I'm doing much better, thanks for all your advice.

My current strategy now is I bottled up my dead end of 3 planets + homeworld. The MKIV world that leads to the rest of the galaxy I had to improvise and build MKI raid starships. I was trying to brute force it, but it literally had thirty three (33) mkIII lightning turrets, so I wasn't making any headway with conventional masses of ships, no matter how balanced.

Raid ships are really really handy. I like how fast they move, how good they are at "unhinging" the enemy by surgically removing command posts/stations. And they are cost effective. 24k metal per one, so 72 k metal for 3, I could not do nearly as well with say, 72 mkiii bombers. The bombers would get nowhere quick against all those lightnings. Raid ships are the perfect answer for my scenario, and I suspect many many scenarios not just this one. They are easy to repair instead of having to slowly bleed smaller ships to snipers or trying to repair 200 ships with 5 engineers, you just repair 3 of them.

As handy as they are, I'm not positive I would research higher marks. This is a preference thing; I think the MKI will serve their role perfectly well to unhinge planets, MKII/III would be a lot more convenient to have but the knowledge might be better spent building some true combat units to deal with the eventuality of the AI homeworld.

To deal with the insufferable amounts of mkiii turrets on that MKIV planet, I went ahead and unsupplied it : )

And now the raid ships are on their way to relieve my target cluster of planets of posts/stations so I can get a strong economy going.

This style of play clicks with me the most. Instead of hemming and hawing and slowly pushing each planet and figuring out how to defend its wormholes, I instead look at the target cluster, then remove all their stations and posts before even harvesting one for resources, then after a wave then I quickly swoop in and expand like a madman to all the 6-7 planets and set up huge defenses at the ingress points to the overall system which should be few because I planned it all out to have maybe 2 points which wandering ships come through and 1 point where the waves will come through.

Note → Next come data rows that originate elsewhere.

(* Let $\varphi:A^\bullet\to B^\bullet$ and $\psi:B^\bullet\to C^\bullet$ be (continuous) homomorphisms of complexes of Abelian topological groups. (a) If $\varphi$ and $\psi$ are quasi-open, then so is $\psi\varphi$. (b) If $\psi$ is a topological embedding and the zero homomorphism $0^\bullet\to C^\bullet/\psi B^\bullet$ is quasi-open, then $\psi$ is quasi-open; and if in addition $\psi\varphi$ is quasi-open, then $\varphi$ is quasi-open.
   Context: Complexes are $\mathbb Z$-graded complexes of Abelian topological groups with continuous differentials; homomorphisms are continuous chain maps. For a complex $A^\bullet$ with differential $d_A$, $Z^n(A^\bullet)=\ker(d_A|A^n)$ with the subspace topology. A homomorphism $\varphi:A^\bullet\to B^\bullet$ is quasi-open if for every $n$ the homomorphism $\varphi'^n:Z^n(A^\bullet)\oplus B^{n-1}\to Z^n(B^\bullet)$, $(a,b)\mapsto\varphi a-d_Bb$, is open. $C^\bullet/\psi B^\bullet$ carries the quotient topology and induced differential, and $0^\bullet$ denotes the zero complex. *)

From HB Require Import structures.
From mathcomp Require Import all_boot all_algebra.
From mathcomp Require Import all_classical all_reals topology tvs.


Unset Strict Implicit.
Unset Printing Implicit Defensive.

Import GRing.Theory.
Local Open Scope classical_set_scope.
Local Open Scope ring_scope.

Definition zeroT : Type := unit.
HB.instance Definition _ := Choice.copy zeroT unit.

Definition zadd (_ _ : zeroT) : zeroT := tt.
Definition zopp (_ : zeroT) : zeroT := tt.
Lemma zaddA : associative zadd. Proof. by []. Qed.
Lemma zaddC : commutative zadd. Proof. by []. Qed.
Lemma zadd0 : left_id (tt : zeroT) zadd. Proof. by case. Qed.
Lemma zaddN : left_inverse (tt : zeroT) zopp zadd. Proof. by []. Qed.
HB.instance Definition _ :=
  GRing.isZmodule.Build zeroT zaddA zaddC zadd0 zaddN.

Definition zopen : set_system zeroT := fun _ => True.
Lemma zopenT : zopen setT. Proof. by []. Qed.
Lemma zopenI : setI_closed zopen. Proof. by []. Qed.
Lemma zopenU (I : Type) (f : I -> set zeroT) :
  (forall i, zopen (f i)) -> zopen (\bigcup_i f i). Proof. by []. Qed.
HB.instance Definition _ := isOpenTopological.Build zeroT zopenT zopenI zopenU.

Lemma to_zeroT_continuous (X : topologicalType) (f : X -> zeroT) : continuous f.
Proof.
apply/continuousP => A _.
have [Att|nAtt] := pselect (A tt).
  suff -> : f @^-1` A = setT by exact: openT.
  by apply/seteqP; split => // x _ /=; case: (f x).
suff -> : f @^-1` A = set0 by exact: open0.
by apply/seteqP; split => // x /=; case: (f x).
Qed.

HB.instance Definition _ :=
  PreTopologicalNmodule_isTopologicalNmodule.Build zeroT
    (@to_zeroT_continuous _ _).
HB.instance Definition _ :=
  TopologicalNmodule_isTopologicalZmodule.Build zeroT
    (@to_zeroT_continuous _ _).

Record complex := Complex {
  cobj : int -> topologicalZmodType;
  cdiff : forall n : int, cobj n -> cobj (n + 1);
  cdiff_additive : forall n, zmod_morphism (cdiff n);
  cdiff_continuous : forall n, continuous (cdiff n);
  cdiff_cdiff : forall n (x : cobj n), cdiff (n + 1) (cdiff n x) = 0
}.

Definition is_hom (A B : complex) (f : forall n, cobj A n -> cobj B n) :=
  (forall n, zmod_morphism (f n)) /\ (forall n, continuous (f n)) /\
  (forall n (x : cobj A n), cdiff B n (f n x) = f (n + 1) (cdiff A n x)).

Definition cycles (A : complex) (n : int) : set (cobj A n) :=
  [set a | cdiff A n a = 0].

(* phi'^(n+1) : Z^(n+1)(A) (+) B^n -> Z^(n+1)(B), (a, b) |-> phi a - d_B b;
   the image of a set U, as a subset of the subspace Z^(n+1)(B). *)
Definition qo_image (A B : complex) (f : forall n, cobj A n -> cobj B n)
  (n : int) (U : set (set_type (cycles A (n + 1)) * cobj B n)) :
  set (set_type (cycles B (n + 1))) :=
  [set z | exists2 p, U p &
     set_val z = f (n + 1) (set_val p.1) - cdiff B n p.2].

(* Quasi-openness (stated at every degree n+1, n : int, i.e. at every degree). *)
Definition quasi_open (A B : complex) (f : forall n, cobj A n -> cobj B n) :=
  forall (n : int) (U : set (set_type (cycles A (n + 1)) * cobj B n)),
    open U -> open (qo_image A B f n U).

Definition zdiff (n : int) (_ : zeroT) : zeroT := tt.
Lemma zdiff_additive n : zmod_morphism (zdiff n). Proof. by []. Qed.
Lemma zdiff_continuous n : continuous (zdiff n).
Proof. exact: to_zeroT_continuous. Qed.
Lemma zdiff_zdiff n (x : zeroT) : zdiff (n + 1) (zdiff n x) = 0.
Proof. by []. Qed.
Definition zero_complex : complex :=
  Complex (fun _ => zeroT) zdiff zdiff_additive zdiff_continuous zdiff_zdiff.

Definition zero_hom (C : complex) : forall n, cobj zero_complex n -> cobj C n :=
  fun n _ => 0.

Definition top_embedding (X Y : topologicalType) (f : X -> Y) :=
  injective f /\ continuous f /\
  forall U : set X, open U -> exists2 V : set Y, open V & f @` U = V `&` range f.

(* [q : C -> Q] presents Q as the quotient complex C / psi B: each q n is a
   surjective homomorphism with kernel psi(B^n), Q^n carries the quotient
   topology, and (q being a chain map) the differential of Q is the induced
   one.  This determines C/psi B up to isomorphism of complexes. *)
Definition is_quotient_complex (B C Q : complex)
  (psi : forall n, cobj B n -> cobj C n) (q : forall n, cobj C n -> cobj Q n) :=
  is_hom C Q q /\
  (forall n (y : cobj Q n), exists c, q n c = y) /\
  (forall n (c : cobj C n), q n c = 0 <-> exists b, psi n b = c) /\
  (forall n (V : set (cobj Q n)), open V <-> open (q n @^-1` V)).

From HB Require Import structures.
From mathcomp Require Import all_boot all_algebra.
From mathcomp Require Import all_classical all_reals topology tvs.
Import GRing.Theory.
Local Open Scope classical_set_scope.
Local Open Scope ring_scope.

(* The map phi' of a homomorphism phi is viewed as an honest map
   Z^(n+1)(A) x B^n -> Z^(n+1)(B), so that quasi-openness is openness of these
   maps.  For (a), since psi phi a - d(psi b + c) = psi (phi a - d b) - d c,
   the map (psi phi)' composed with the continuous surjection
   ((a, b), c) |-> (a, psi b + c) is psi' o (phi' x id), a composite of open maps.
   For (b), quasi-openness of 0 -> Q = C/psi B says that the differentials of Q
   are relatively open onto the cycles of Q.  As the quotient map q is open,
   every x close to psi b0 - d c0 whose image in Q is a cycle can be written
   psi b - d c with c close to c0 and, psi being an embedding, b close to b0.
   Both claims of (b) follow from this, injectivity of
   psi transporting the resulting identities back to B. *)

Section ZmodMorphism.
Context {U V : zmodType} {f : U -> V} (fB : zmod_morphism f).

Lemma zmod_morphism0 : f 0 = 0.
Proof. by rewrite -[0]subr0 fB subrr. Qed.

Lemma zmod_morphismD x y : f (x + y) = f x + f y.
Proof. by rewrite -[y in LHS]opprK -[- y]add0r !fB zmod_morphism0 sub0r opprK. Qed.

End ZmodMorphism.

Definition open_map {X Y : topologicalType} (f : X -> Y) :=
  forall U, open U -> open (f @` U).

Lemma openX {X Y : topologicalType} {P : set X} {Q : set Y} :
  open P -> open Q -> open (P `*` Q).
Proof.
move=> oP oQ; rewrite openE => -[x y] [/= Px Qy].
by exists (P, Q) => //; split; exact: open_nbhs_nbhs.
Qed.

Lemma open_map_id (X : topologicalType) : open_map (@id X).
Proof. by move=> U; rewrite image_id. Qed.

Lemma open_map_comp {X Y Z : topologicalType} (f : X -> Y) (g : Y -> Z) :
  open_map f -> open_map g -> open_map (g \o f).
Proof. by move=> fo go U /fo /go; rewrite image_comp. Qed.

Lemma open_map_pair {X1 X2 Y1 Y2 : topologicalType} (f : X1 -> Y1) (g : X2 -> Y2) :
  open_map f -> open_map g -> open_map (fun p => (f p.1, g p.2)).
Proof.
move=> fo go U oU; rewrite openE => _ [[x1 x2] Ux <-] /=.
have [[P1 P2] [/= + +] PU] : nbhs (x1, x2) U by exact: open_nbhs_nbhs.
rewrite !nbhsE => -[O1 [oO1 O1x] O1P] [O2 [oO2 O2x] O2P].
apply: (@filterS _ _ _ (f @` O1 `*` g @` O2)).
  move=> [z1 z2] [/= [y1 O1y1 <-] [y2 O2y2 <-]]; exists (y1, y2) => //.
  by apply: PU; split; [exact: O1P | exact: O2P].
by apply: open_nbhs_nbhs; split;
  [exact: openX (fo _ oO1) (go _ oO2) | split; [exists x1 | exists x2]].
Qed.

Lemma continuous_pair {X Y Z : topologicalType} (f : X -> Y) (g : X -> Z) :
  continuous f -> continuous g -> continuous (fun x => (f x, g x)).
Proof.
by move=> fc gc x; apply: (@cvg_pair _ _ _ _ (nbhs (f x)) (nbhs (g x)));
  [exact: fc | exact: gc].
Qed.

Lemma continuous_fst {X Y : topologicalType} : continuous (@fst X Y).
Proof. by move=> [x y]; exact: cvg_fst. Qed.

Lemma continuous_snd {X Y : topologicalType} : continuous (@snd X Y).
Proof. by move=> [x y]; exact: cvg_snd. Qed.
Lemma zle_shift_far x y T t : (forall w, -T < w < T -> x <> shift y w) -> -T < t < T ->
  (zle x (shift y t) <-> zle x y).
Proof.
  intros Hfar Ht. split; intro Hx.
  - destruct (Z_lt_le_dec 0 t); [|apply (zle_trans Hx), zle_shift_l; lia].
    destruct (zle_total x y) as [|Hyx]; auto.
    destruct (zle_shift_interval Hyx Hx) as [w [Hw E]].
    exfalso. apply (Hfar w); [lia | exact E].
  - destruct (Z_le_gt_dec 0 t); [apply (zle_trans Hx), zle_shift_r; lia|].
    destruct (zle_total x (shift y t)) as [|Hyx]; auto.
    rewrite <- (shift_opp y t) in Hx.
    destruct (zle_shift_interval Hyx Hx) as [w [Hw E]].
    rewrite shift_shift in E. exfalso. apply (Hfar (t + w)); [lia | exact E].
Qed.

Lemma zle_shift_of_far a b T : zle a b -> (forall w, 0 <= w < T -> b <> shift a w) ->
  zle (shift a T) b.
Proof.
  intros Hab Hfar. destruct (zle_total (shift a T) b) as [|Hb]; auto.
  destruct (zle_shift_interval Hab Hb) as [w [Hw ->]].
  destruct (Z.eq_dec w T) as [-> | Hne]; [apply zle_refl|].
  exfalso. apply (Hfar w); [lia | reflexivity].
Qed.

Lemma far_sandwich x a y T : zle x a -> zle a y ->
  (forall t, -T < t < T -> a <> shift x t) -> (forall t, -T < t < T -> a <> shift y t) ->
  forall w, -(2 * T) < w < 2 * T -> y <> shift x w.
Proof.
  intros Hxa Hay Hfx Hfy w Hw E. rewrite E in Hay.
  destruct (zle_shift_interval Hxa Hay) as [w' [Hw' Ea]].
  destruct (Z_lt_le_dec w' T).
  - apply (Hfx w'); [lia | exact Ea].
  - apply (Hfy (w' - w)); [lia|]. rewrite E, shift_shift, Ea. f_equal; lia.
Qed.

End ZorderFacts.

Definition zorder_rev (O : zorder) : zorder.
Proof.
  refine (Build_zorder O (fun a b => zle b a) (fun a t => shift a (- t)) origin
            _ _ _ _ _ _ _ _ _); simpl.
  - apply zle_refl.
  - intros a b c Hab Hbc. exact (zle_trans Hbc Hab).
  - intros a b Hab Hba. now apply zle_antisym.
  - intros a b. destruct (zle_total a b); auto.
  - intro a. apply shift0.
  - intros a t u. rewrite shift_shift. f_equal; lia.
  - intros a t u. rewrite zle_shift2. lia.
  - intros a b t. apply zle_shift_mono.
  - intros a b t Hba Hb.
    rewrite <- (shift_opp a (- t)), Z.opp_involutive in Hba.
    destruct (zle_shift_interval Hb Hba) as [w [Hw E]].
    exists (t - w). split; [lia|]. rewrite E, shift_shift. f_equal; lia.
Defined.

Definition agree {O1 O2 : zorder} (T : Z) (a1 b1 : O1) (a2 b2 : O2) : Prop :=
  (forall t, -T < t < T -> (b1 = shift a1 t <-> b2 = shift a2 t)) /\
  (zle a1 b1 <-> zle a2 b2).

Section Agree.
Context {O1 O2 : zorder}.

Lemma agree_eq T (a1 b1 : O1) (a2 b2 : O2) : 0 < T ->
  agree T a1 b1 a2 b2 -> (b1 = a1 <-> b2 = a2).
Proof.
  intros HT [Heq _]. specialize (Heq 0 ltac:(lia)). now rewrite !shift0 in Heq.
Qed.

Lemma agree_weaken T T' (a1 b1 : O1) (a2 b2 : O2) : T' <= T ->
  agree T a1 b1 a2 b2 -> agree T' a1 b1 a2 b2.
Proof. intros HT [Heq Hle]. split; auto. intros t Ht. apply Heq; lia. Qed.

Lemma agree_flip T (a1 b1 : O1) (a2 b2 : O2) : 0 < T ->
  agree T a1 b1 a2 b2 -> agree T b1 a1 b2 a2.
Proof.
  intros HT Hag. pose proof (agree_eq _ _ _ _ _ HT Hag) as Heq0.
  destruct Hag as [Heq Hle]. split.
  - intros t Ht. rewrite (eq_shift_sym b1), (eq_shift_sym b2). apply Heq; lia.
  - rewrite (zle_flip_iff a1 b1), (zle_flip_iff a2 b2). tauto.
Qed.

Lemma agree_swap T (a1 b1 : O1) (a2 b2 : O2) : agree T a1 b1 a2 b2 -> agree T a2 b2 a1 b1.
Proof. intros [Heq Hle]. split; [intros t Ht; symmetry; auto | tauto]. Qed.

Lemma agree_refl T (a1 : O1) (a2 : O2) : agree T a1 a1 a2 a2.
Proof.
  split; [intros t _; rewrite !shift_fixed_iff; tauto | split; intros _; apply zle_refl].
Qed.

Lemma agree_rev_iff T (a1 b1 : O1) (a2 b2 : O2) : 0 < T ->
  (@agree (zorder_rev O1) (zorder_rev O2) T a1 b1 a2 b2 <-> agree T a1 b1 a2 b2).
Proof.
  intro HT. unfold agree; simpl.
  assert (Hopp : forall t, -T < t < T -> -T < - t < T) by (intros; lia).
  split; intros [Heq Hle]; split.
  - intros t Ht. specialize (Heq (- t) (Hopp t Ht)). now rewrite Z.opp_involutive in Heq.
  - specialize (Heq 0 ltac:(lia)). simpl in Heq. rewrite !shift0 in Heq.
    assert (Heq' : a1 = b1 <-> a2 = b2) by (split; intro; symmetry; apply Heq; auto).
    rewrite (zle_flip_iff b1 a1), (zle_flip_iff b2 a2). tauto.
  - intros t Ht. apply Heq, Hopp, Ht.
  - specialize (Heq 0 ltac:(lia)). rewrite !shift0 in Heq.
    rewrite (zle_flip_iff a1 b1), (zle_flip_iff a2 b2). tauto.
Qed.

End Agree.

(** * Back and forth *)

(** Finite tuples of points are indexed by [option nat], [None] standing for the origin. *)
Definition valid_index (k : nat) (u : option nat) : Prop :=
  match u with None => True | Some i => (i < k)%nat end.

Lemma valid_index_S k u : valid_index (S k) u -> valid_index k u \/ u = Some k.
Proof.
  destruct u as [i|]; simpl; [|auto].
  intro; destruct (Nat.eq_dec i k) as [->|]; [right|left]; auto; lia.
Qed.

Lemma valid_index_lift k u : valid_index k u -> valid_index (S k) u.
Proof. destruct u; simpl; lia. Qed.

Lemma exists_max_index {O : zorder} k (p : option nat -> O) (P : option nat -> Prop) :
  (exists u, valid_index k u /\ P u) ->
  exists m, valid_index k m /\ P m /\ forall u, valid_index k u -> P u -> zle (p u) (p m).
Proof.
  induction k as [|k IH]; intros [u [Hu Pu]].
  - destruct u as [i|]; simpl in Hu; [lia|].
    exists None. repeat split; auto.
    intros [i|] Hi _; simpl in Hi; [lia | apply zle_refl].
  - destruct (classic (exists u, valid_index k u /\ P u)) as [Hex | Hnone].
    + destruct (IH Hex) as [m [Hm [Pm Hmax]]].
      destruct (classic (P (Some k) /\ zle (p m) (p (Some k)))) as [[Pk Hmk] | Hk].
      * exists (Some k). repeat split; simpl; auto.
        intros v Hv Pv. destruct (valid_index_S _ _ Hv) as [Hv' | ->]; [|apply zle_refl].
        exact (zle_trans (Hmax v Hv' Pv) Hmk).
      * exists m. repeat split; auto using valid_index_lift.
        intros v Hv Pv. destruct (valid_index_S _ _ Hv) as [Hv' | ->]; auto.
        destruct (zle_total (p m) (p (Some k))); tauto.
    + destruct (valid_index_S _ _ Hu) as [Hu' | ->]; [exfalso; eauto|].
      exists (Some k). repeat split; simpl; auto.
      intros v Hv Pv. destruct (valid_index_S _ _ Hv) as [Hv' | ->]; [exfalso; eauto|].
      apply zle_refl.
Qed.
(* Let $\Psi=(X,A,q,g)$ be a standard MDP with $X$ a compact subset of a simplex $\Delta(K)$ ($K$ finite), satisfying for all $x,y\in X$, $a\in A$, $f\in D_1$ and $\alpha,\beta\ge0$: - $|\alpha f(q(x,a))-\beta f(q(y,a))|\le\|\alpha x-\beta y\|_1$, and - $|\alpha g(x,a)-\beta g(y,a)|\le\|\alpha x-\beta y\|_1$. Let $Z=\Delta_f(X)\times[0,1]$ with metric $d((u,y),(u',y'))=\max(d_*(u,u'),|y-y'|)$. Then: 1. $\hat F$ is affine: $\hat F(\lambda z+(1-\lambda)z')=\lambda\hat F(z)+(1-\lambda)\hat F(z')$ for $z,z'\in Z$ and $\lambda\in[0,1]$ (Minkowski combination on the right). 2. $\hat F$ is non expansive: for all $z,z'\in Z$ and $w\in\hat F(z)$ there exists $w'\in\hat F(z')$ with $d(w,w')\le d(z,z')$.
   Context: $q:X\times A\to\Delta_f(X)$ and $g:X\times A\to[0,1]$, extended linearly in the action to $\Delta_f(A)$. $D_1=\{f\in\mathcal C(\Delta(K)):\ \forall x,y,\ \forall a,b\ge0,\ af(x)-bf(y)\le\|ax-by\|_1\}$, with $f$ extended linearly to finitely supported probabilities, and $d_*(u,v)=\sup_{f\in D_1}\big(f(u)-f(v)\big)$. For $(u,y)\in Z$, $$\hat F(u,y)=\Big\{\Big(\sum_xu(x)q(x,\sigma(x)),\ \sum_xu(x)g(x,\sigma(x))\Big):\ \sigma:X\to\Delta_f(A)\Big\}.$$ *)

From Stdlib Require Import Reals Lra List Classical ClassicalEpsilon FunctionalExtensionality.
Open Scope R_scope.
Set Implicit Arguments.

(* K = {0,...,n-1}; a point of R^K is a function nat -> R (coordinates >= n
   are required to vanish on the simplex, so that points are canonical). *)
Definition point := nat -> R.

Definition sumK (n : nat) (h : nat -> R) : R :=
  fold_right (fun i acc => h i + acc) 0 (seq 0 n).

Definition norm1 (n : nat) (x : point) : R := sumK n (fun i => Rabs (x i)).

Definition simplex (n : nat) (x : point) : Prop :=
  (forall i, (i < n)%nat -> 0 <= x i) /\
  (forall i, (n <= i)%nat -> x i = 0) /\
  sumK n x = 1.

Definition lincomb (a : R) (x : point) (b : R) (y : point) : point :=
  fun i => a * x i - b * y i.

Definition compact1 (n : nat) (X : point -> Prop) : Prop :=
  forall u : nat -> point, (forall k, X (u k)) ->
  exists (phi : nat -> nat) (x : point),
    (forall k, (phi k < phi (S k))%nat) /\ X x /\
    forall eps, 0 < eps -> exists N, forall k, (N <= k)%nat ->
      norm1 n (lincomb 1 (u (phi k)) 1 x) < eps.

Definition fin_supp (T : Type) (u : T -> R) (s : list T) : Prop :=
  NoDup s /\ forall x, u x <> 0 -> In x s.

(* fsum u h = sum_{x in supp u} u(x) h(x)   (0 if support is infinite) *)
Definition fsum (T : Type) (u : T -> R) (h : T -> R) : R :=
  match excluded_middle_informative (exists s, fin_supp u s) with
  | left H =>
      fold_right (fun x acc => u x * h x + acc) 0
        (proj1_sig (constructive_indefinite_description _ H))
  | right _ => 0
  end.

Definition distf (T : Type) (S : T -> Prop) (u : T -> R) : Prop :=
  (forall x, 0 <= u x) /\ (forall x, u x <> 0 -> S x) /\
  (exists s, fin_supp u s) /\ fsum u (fun _ => 1) = 1.

Definition cont_simplex (n : nat) (f : point -> R) : Prop :=
  forall x, simplex n x -> forall eps, 0 < eps -> exists delta, 0 < delta /\
    forall y, simplex n y -> norm1 n (lincomb 1 x 1 y) < delta ->
      Rabs (f x - f y) < eps.

Definition D1 (n : nat) (f : point -> R) : Prop :=
  cont_simplex n f /\
  forall x y, simplex n x -> simplex n y -> forall a b, 0 <= a -> 0 <= b ->
    a * f x - b * f y <= norm1 n (lincomb a x b y).

Definition dstar_set (n : nat) (u v : point -> R) (t : R) : Prop :=
  exists f, D1 n f /\ t = fsum u f - fsum v f.

Definition dstar (n : nat) (u v : point -> R) : R :=
  match excluded_middle_informative
          (bound (dstar_set n u v) /\ exists t, dstar_set n u v t) with
  | left H => proj1_sig (completeness _ (proj1 H) (proj2 H))
  | right _ => 0
  end.

Definition Zelt := ((point -> R) * R)%type.

Definition inZ (X : point -> Prop) (z : Zelt) : Prop :=
  distf X (fst z) /\ 0 <= snd z <= 1.

Definition dZ (n : nat) (z z' : Zelt) : R :=
  Rmax (dstar n (fst z) (fst z')) (Rabs (snd z - snd z')).

Definition combZ (l : R) (z z' : Zelt) : Zelt :=
  (fun x => l * fst z x + (1 - l) * fst z' x, l * snd z + (1 - l) * snd z').

Definition qext (A : Type) (q : point -> A -> point -> R) (x : point) (s : A -> R)
  : point -> R := fun x' => fsum s (fun a => q x a x').
Definition gext (A : Type) (g : point -> A -> R) (x : point) (s : A -> R) : R :=
  fsum s (fun a => g x a).

Definition Fhat (A : Type) (X : point -> Prop) (q : point -> A -> point -> R)
  (g : point -> A -> R) (z w : Zelt) : Prop :=
  exists sigma : point -> A -> R,
    (forall x, X x -> distf (fun _ : A => True) (sigma x)) /\
    w = ((fun x' => fsum (fst z) (fun x => qext q x (sigma x) x')),
         fsum (fst z) (fun x => gext g x (sigma x))).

I think after that I should be able to skip around the starsystems looking for adv stations and do some knowledge raiding + set up a forward post near the AI homeworld, and then it should be a snap.

Right now I'm doing the "no no" of using my homeworld as a whipping boy, but I am ok with that risk until I get my cluster of planets together to become the next whipping boy. I really plugged up that one point of ingress into my homeworld, nothing gets by. I haven't quite capped on turrets but I don't need to.